In physics, vectors are almost always two- or three-dimensional (although in some fancy branches of physics they do go to higher dimensions). Vectors help physicists describe things like motion and electro-magnetic fields on a plane or in physical 3D space.

In computer science and in data science, vectors are often multi-dimensional, that is, they have many components. They contain a set of ordered variables in a data model, like for example: the age, weight, daily hours of sleep, weekly hours of exercise, and blood pressure of an individual (five dimensions).

Let's start with the idea of a vector as an "arrow" (magnitude plus direction). We visualize a vector by placing this arrow with its tail at the origin of a coordinate system.
But changing the position of the tail doesn't change the vector's magnitude or direction, so the vector is the same no matter where we draw it. 

In the code cell below, we define a list with a single vector of coordinates $(2, 2)$, and we use our custom function `plot_vector()` to plot the vector with its tail at four different positions on a 2D coordinate system. 

In [None]:
vectors = [(2,2)]
tails = [(-3,-2), (-3,1), (0,0), (1,-3)]
plot_vector(vectors, tails)
pyplot.title("The same vector, with its tail at four locations on the 2D plane.");

In the 2D plane, we can see clearly the connection between the "arrow" idea of vector, and the "list of numbers," which in this case represents the coordinates of the arrow head when the tail is at the origin of the coordinate system.

The first coordinate designates the horizontal distance between head and tail, and the second coordinate designates the vertical distance between head and tail. We typically will denote horizontal and vertical axes as $x$ and $y$.

In three dimensions, $x$ and $y$ are usually denoting the perpendicular axes on the horizontal plane, and the vertical axis is denoted by $z$. A 3D vector thus has three components: $(x, y, z)$.

##### Note:

Our helper function `plot_vector()` takes two lists as arguments. It can either plot one vector with its tail on several locations, or several vectors with their tail at one location. It can also plot several vectors with their tails at different locations, but in that case, the two lists have to match in length (if they don't, the function will give an error).

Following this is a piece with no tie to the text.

(* Let $n\ge 2$, $L>0$, $T>0$, let $b_{ij}$ ($i\neq j$) be real numbers, and let $P=(P_1,\dots,P_n)$, $V=(V_1,\dots,V_n)$ with $P_i,V_i\in C^3([0,T]\times\mathbb T_L)$, $\mathbb T_L=\mathbb R/L\mathbb Z$, be a solution of $$\partial_tP_i+\partial_x(P_iV_i)=0,\qquad -\sum_{j=1}^nb_{ij}P_j(V_i-V_j)=\partial_x\log P_i-\frac{1}{\sum_{j=1}^nP_j}\sum_{j=1}^nP_j\partial_x\log P_j,\qquad \sum_{j=1}^nP_jV_j=0,$$ $i=1,\dots,n$, with $P_i(x,t)>0$ for all $x,t$ and $i$, and with $\sum_{j=1}^nP_j(x,0)=1$ for all $x$. For $N\ge1$, $h=L/N$, $\Delta t>0$ and $k\ge0$ with $(k+1)\Delta t\le T$, set $P^k_{i,\ell}=P_i(\ell h,k\Delta t)$ (cell-centered) and $V^{k}_{i,\ell+\frac12}=V_i((\ell+\frac12)h,k\Delta t)$ (edge-centered), and define the local truncation errors $$\tau^1_{i,\ell}=\frac{P^{k+1}_{i,\ell}-P^k_{i,\ell}}{\Delta t}+\big(d_h(\hat P^k_iV^{k+1}_i)\big)_\ell,$$ $$\tau^2_{i,\ell+\frac12}=\Big(D_h\log P^{k+1}_i-\frac{1}{\sum_{j=1}^n\hat P^k_j}\sum_{j=1}^n\hat P^k_jD_h\log P^{k+1}_j+\sum_{j=1}^nb_{ij}\hat P^k_j(V^{k+1}_i-V^{k+1}_j)\Big)_{\ell+\frac12},$$ $$\tau^3_{\ell+\frac12}=\sum_{i=1}^n\hat P^k_{i,\ell+\frac12}V^{k+1}_{i,\ell+\frac12}.$$ Then there is a constant $C>0$ depending on $(P,V)$ (but not on $h$, $\Delta t$, $k$, $i$, $\ell$) such that $$|\tau^1_{i,\ell}|,\ |\tau^2_{i,\ell+\frac12}|,\ |\tau^3_{\ell+\frac12}|\le C(\Delta t+h^2).$$
   Context: Difference operators on $N$-periodic grids: for edge-centered $\phi$, $(d_h\phi)_\ell=(\phi_{\ell+\frac12}-\phi_{\ell-\frac12})/h$; for cell-centered $f$, $(D_hf)_{\ell+\frac12}=(f_{\ell+1}-f_\ell)/h$ and $\hat f_{\ell+\frac12}=(f_\ell+f_{\ell+1})/2$. Products and logarithms are pointwise. *)

From Stdlib Require Import Reals ZArith List.
From Coquelicot Require Import Coquelicot.
Open Scope R_scope.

## Fundamental vector operations

Two operations are the foundation of everything: **vector addition**, and **multiplication by a scalar** (i.e., scaling).

Let's first visualize vector addition. Suppose we have two vectors: 

$$
   \mathbf{a} = \left[ \begin{array}{c} -2 \\ 1  \end{array} \right], \quad  
   \mathbf{b} = \left[ \begin{array}{c} 1 \\ -3  \end{array} \right] 
$$

We can visualize vector addition as follows: draw vector $\mathbf{a}$ with its tail at the origin; then draw vector $\mathbf{b}$ with its tail on the head of $\mathbf{a}$. If you now draw a vector from the origin to the head of $\mathbf{b}$, that vector is $\mathbf{a} + \mathbf{b}$.

With our helper function for plotting 2D vectors, it looks like this:

In [None]:
# vector addition
a = numpy.array((-2,1))
b = numpy.array((1,-3))
origin = numpy.array((0,0))

vectors = [a, b, a+b]
tails   = [origin, a, origin]
plot_vector(vectors, tails)
pyplot.title("Adding vectors with coordinates $(-2, 1)$ and $(1,-3)$.");

In this visualization of vector addition, the head of $\mathbf{a} + \mathbf{b}$ ends up at the coordinates  resulting from adding the tail-to-head horizontal and vertical distances of $\mathbf{a}$ and $\mathbf{b}$. In other words, from adding the respective coordinates:

$$
   \left[ \begin{array}{c} -2 \\ 1  \end{array} \right] +  
   \left[ \begin{array}{c} 1 \\ -3  \end{array} \right] =
   \left[ \begin{array}{c} -2+1 \\ 1-3  \end{array} \right]
$$


Let's now look at multiplication by a scalar: essentially, the length of the vector is *scaled* by the scalar factor. If you multiply a vector by $2$, its length (magnitude) doubles. 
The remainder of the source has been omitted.